Mañana Será Bonito (Spanish for Tomorrow Will Be Pretty) is the fourth studio album by Colombian singer Karol G. It was released on February 24, 2023, through Universal Music Latino. Comprising seventeen tracks, the album is primarily a reggaeton record and features guest appearances by Romeo Santos, Quevedo, Shakira, Justin Quiles, Ángel Dior, Maldy, Bad Gyal, Sean Paul, Sech, Ovy on the Drums, and Carla Morrison.

Mañana Será Bonito was supported by six singles: "Provenza", "Gatúbela" with Maldy, "Cairo" with Ovy on the Drums, "X Si Volvemos" with Romeo Santos, "TQG" with Shakira, which became Karol G's first number-one single on the Billboard Global 200 and top-ten single on the US Billboard Hot 100, and "Mientras Me Curo del Cora". The album was a critical and commercial success and became the first all-Spanish language album by a woman to reach number one on the US Billboard 200, earning 94,000 album-equivalent units in its first week.

Background 
Following the release of her third studio album in 2021, KG0516, Karol G began releasing collaborative songs with other artists and stand alone singles, such as Tiësto's "Don't Be Shy", her own "Sejodioto" and Becky G's "Mamiii", among others.

On April 19, 2022, Karol G announced the release of "Provenza" through her social media accounts. The song was released on April 21, 2022 as the album's lead single. On September 6, 2022 Karol G embarked on the Strip Love Tour. "Gatúbela", a collaboration with Maldy was released on August 25, 2022 as the following single. On November 13, 2022, "Cairo" with long-time producer Ovy on the Drums was released. On January 25, 2023, Giraldo announced and revealed the title for the album, Mañana Será Bonito, in a video shared through her social media accounts. "X Si Volvemos" with Romeo Santos was released on February 2, 2023.

On February 10, 2023, Giraldo revealed the cover art for the album and revealed the track list, featuring guest appearances from Quevedo, Justin Quiles, Ángel Dior, Bad Gyal, Sean Paul, Sech and Carla Morrison. On February 14, Karol G revealed to The New York Times that Colombian singer Shakira was featured on track 6, "TQG". The song was released as the fifth single alongside the album's release. Mañana Será Bonito was officially released on February 24, 2023.

Concept 

In an interview with Rolling Stone, Karol G revealed the concept for the title, stating: "This definitely represents a specific phase of my life. The name of album is a phrase I kept repeating to myself when nothing felt great. I mean, I was going through the best moment of my career, but personally I was really disconnected from myself and from my friends. I wasn't unhappy, but I wasn't happy either. So every day I'd say to myself, 'It's okay, mañana será bonito, tomorrow will be beautiful.'"
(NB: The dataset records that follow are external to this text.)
Theorem theorem3 (R : realFieldType) (nr1 ns1 nr2 ns2 : nat) (ws wd : R)
    (xs : 'cV[R]_(ns1 + ns2)) :
  let n1 := (nr1 + ns1)%N in
  let n2 := (nr2 + ns2)%N in
  let a1 := ws * n1%:R + wd * n2%:R in
  let a2 := ws * n2%:R + wd * n1%:R in
  let Ab := Abar R nr1 ns1 nr2 ns2 ws wd in
  let Bb := Bbar R nr1 ns1 nr2 ns2 ws wd in
  let sx1 := \sum_(k < ns1) xs (lshift ns2 k) 0 in
  let sx2 := \sum_(k < ns2) xs (rshift ns1 k) 0 in
  let g11 := ws * wd * n1%:R + wd ^+ 2 * nr2%:R + ws ^+ 2 * ns2%:R in
  let g12 := wd * (wd * n1%:R + ws * n2%:R) in
  let g21 := ws * wd * n2%:R + wd ^+ 2 * nr1%:R + ws ^+ 2 * ns1%:R in
  let g22 := wd * (wd * n2%:R + ws * n1%:R) in
  let delta := ws ^+ 2 * ns1%:R * ns2%:R
               + ws * wd * (n1%:R * ns1%:R + n2%:R * ns2%:R)
               + wd ^+ 2 * (n1%:R * n2%:R - nr1%:R * nr2%:R) in
  let chi1 := delta^-1 * (g11 * sx1 + g12 * sx2) in
  let chi2 := delta^-1 * (g21 * sx2 + g22 * sx1) in
  (0 < nr1)%N -> (0 < nr2)%N -> (nr1 + nr2 < n1 + n2)%N ->
  0 < ws -> 0 < wd -> ws != wd ->
  ws * (n1%:R ^+ 2 + n2%:R ^+ 2) + 2 * wd * n1%:R * n2%:R = 1 ->
  (exists wt1 wt2 wtd : R,
     (1%:M - Ab) \in unitmx /\
     invmx (1%:M - Ab) =
       block_mx (a1^-1 *: (1%:M - wt1 *: const_mx 1)) (const_mx wtd)
                (const_mx wtd) (a2^-1 *: (1%:M - wt2 *: const_mx 1)))
  /\ invmx (1%:M - Ab) *m Bb *m xs =
     col_mx (const_mx chi1 : 'cV[R]_nr1) (const_mx chi2 : 'cV[R]_nr2).
Proof.
move=> n1 n2 a1 a2 Ab Bb sx1 sx2 g11 g12 g21 g22 delta chi1 chi2
  nr1_gt0 nr2_gt0 some_stubborn ws_gt0 wd_gt0 _ total_wgt.
have two_neq0 : (2 : R) != 0 by rewrite pnatr_eq0.
have a1_neq0 : a1 != 0.
  by rewrite gt_eqF // ltr_wpDr ?mulr_ge0 ?ler0n ?ltW // mulr_gt0 // ltr0n addn_gt0 nr1_gt0.
have a2_neq0 : a2 != 0.
  by rewrite gt_eqF // ltr_wpDr ?mulr_ge0 ?ler0n ?ltW // mulr_gt0 // ltr0n addn_gt0 nr2_gt0.
have delta_def : (a1 - ws * nr1%:R) * (a2 - ws * nr2%:R) - wd ^+ 2 * nr1%:R * nr2%:R = delta.
  by rewrite /a1 /a2 /delta /n1 /n2 !natrD; ring.
have d_neq0 : (a1 - ws * nr1%:R) * (a2 - ws * nr2%:R) - wd ^+ 2 * nr1%:R * nr2%:R != 0.
  by rewrite delta_def gt_eqF // stubborn_delta_gt0 //; lia.
have IA : 1%:M - Ab = block_mx (a1%:M - const_mx ws) (- const_mx wd)
                               (- const_mx wd) (a2%:M - const_mx ws) by exact: I_sub_Abar_block.
have [IA_unit IA_inv] := invmx_block_scalar_const a1_neq0 a2_neq0 d_neq0.
split; first by do 3 eexists; rewrite IA; split; [exact: IA_unit | exact: IA_inv].
rewrite -mulmxA Bbar_mul_col // IA invmx_block_scalar_const_mul_col // delta_def.
rewrite -/sx1 -/sx2; congr (col_mx (const_mx _) (const_mx _)).
all: rewrite /chi1 /chi2 mulrC; congr (_ * _).
all: by rewrite /g11 /g12 /g21 /g22 /a1 /a2 /n1 /n2 !natrD; ring.
Qed.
In a later interview with The New York Times, she described the album as "more Carolina than Karol G". She added: "Right now, I notice that artists are trying very hard to find a concept, to be very experimental, I love that. And that's a good way to do art. But the concept of this album is just me being me. I really didn't want people to feel it was like very simple, or just normal."

Release and promotion
The album was released on February 24, 2023 through Universal Music Latino. It was released on CD, digital download and streaming. Lead single "Provenza" was promoted at Coachella Valley Music and Arts Festival as well as at the Latin Grammys, including a mash-up with "Gatúbela" and "Cairo", with the later one being its debut performance. The first two previously mentioned were also promoted on Giraldo's Strip Love Tour.

Singles
"Provenza" was released on April 21, 2021 as the album's lead single. The song was serviced to contemporary rhythmic radio in the United States on June 7, 2022.  The song was a commercial success, becoming the highest peaking full-Spanish song by a female soloist on the US Billboard Hot 100 chart at number 25. The song also reached the top spot US Billboard Hot Latin Songs. It was nominated for Record of the Year and Song of the Year at the 23rd Annual Latin Grammy Awards.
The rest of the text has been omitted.